Canadian ice hockey referee

Frederick L'Ecuyer (born 28 July 1977) is a Canadian ice hockey referee, employed by the National Hockey League. He has worn the number 17 since the start of the 2010–11 NHL season. As of the start of the 2024–25 season, he has officiated 1,033 regular season games and 44 Stanley Cup playoff games.

==Early life and career==
Frederick L'Ecuyer was born and raised in Saint-Tite, Quebec, located north of Trois-Rivières. He played as a centre until deciding to focus on refereeing at age 16.

===Quebec Major Junior Hockey League===

L'Ecuyer's first Quebec Major Junior Hockey League game came in the 1999-00 QMJHL season, when he worked as a linesman. Starting in the 2000-01 QMJHL season, he would make the move to become a referee, working 57 regular season and 13 playoff games over a span of three seasons.

==Professional career==

===Central Hockey League===

Before the start of the 2002-03 CHL season, L'Ecuyer was hired to become a full-time referee for the
Central Hockey League. His first game as an official in the league was on 18 October 2002, in a game involving the El Paso Buzzards and the San Angelo Saints.

Between the fall of 2002 and the summer of 2006, he was named to be the official at the league's All-Star Game in 2005 and also officiated three Ray Miron President's Cup finals.

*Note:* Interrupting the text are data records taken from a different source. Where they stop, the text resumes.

Theorem mainTheorem1 (R : realType) (phi : R) (hphi : 0 <= phi <= pi) :
  (forall (n : nat) (V : 'M[R[i]]_(n.+4)) (p : R),
      unitary_mx V -> implements phi V p -> p <= ps_opt phi) /\
  (exists (n : nat) (V : 'M[R[i]]_(n.+4)),
      unitary_mx V /\ implements phi V (ps_opt phi)).
Proof.
have [x [y [wx y_ge0 hy ps_optE]]] := ps_opt_data hphi.
have w1 := norm_cos_sin phi.
have x_ge0 : 0 <= x by rewrite -(@ler0c R) -wx.
have L_gt0 : 0 < 1 + x + y by lra.
split.
  move=> n V p unitV [p_gt0 [c [c1 hV]]].
  have sz : `|(Num.sqrt p)%:C%C * c| = ((Num.sqrt p)%:C)%C.
    by rewrite normrM c1 mulr1 ger0_norm // ler0c sqrtr_ge0.
  rewrite -[p]sqr_sqrtr ?(ltW p_gt0) // ps_optE.
  apply: ler_sqr_invr => //; first exact: sqrtr_ge0.
  by apply: (postsel_cphase_bound unitV w1 wx y_ge0 hy sz) => //; rewrite (sqrtr_gt0 p).
have [V [unitV hV]] := exists_postsel_cphase w1 wx y_ge0 hy.
exists 3, V; split => //; split; first by rewrite ps_optE invr_gt0 exprn_gt0.
have sqrt_ps : Num.sqrt (ps_opt phi) = (1 + x + y)^-1.
  by rewrite ps_optE -exprVn (sqrtr_sqr (1 + x + y)^-1) ger0_norm // invr_ge0 ltW.
by exists 1; split => [|c1 c2 b1 b2]; rewrite ?normr1 // hV sqrt_ps mulr1.
Qed.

===American Hockey League===

L'Ecuyer worked in the American Hockey League on a part-time basis starting at the beginning of the 2003-04 AHL season. His first game in the league occurred on 11 October 2003, when the Utah Grizzlies and the San Antonio Rampage played at the AT&T Center.

During his time in the league, L'Ecuyer saw two appearances in the Calder Cup finals: 2009 and 2010.

===National Hockey League===

L'Ecuyer was hired by the National Hockey League prior to the start of the 2007-08 NHL season. On 11 October 2007, he made his National Hockey League debut, when he officiated a game between the New York Islanders and the Toronto Maple Leafs at the Air Canada Centre. For his first game and through the time he was on an AHL/NHL contract, he wore sweater number 48.

Before the start of the 2010-11 NHL season, L'Ecuyer was promoted to a full-time spot on the officiating roster. His first game that season was one between the Buffalo Sabres and the Ottawa Senators at what is now known as the Canadian Tire Centre.

L'Ecuyer officiated his 1,000th game in the NHL on March 14, 2024, between the Tampa Bay Lightning the New York Rangers. He became the 48th referee to achieve the milestone, and the seventh from Quebec.

====Stanley Cup playoffs====

L'Ecuyer made his on-ice playoff debut during the 2011 Stanley Cup playoffs. He was the standby official for Game Three between the Washington Capitals and the New York Rangers at Madison Square Garden. At 3:44 of the second period, play was halted due to an injury sustained by Chris Rooney. As per NHL rule during the playoffs, a standby official is named to every game. As Rooney was unable to continue, L'Ecuyer took over officiating duties.

For the 2015 Stanley Cup playoffs, L'Ecuyer was named as one of the 20 officials who would work regular games in the first round.

== Personal life ==
L'Ecuyer lives in Raleigh, North Carolina.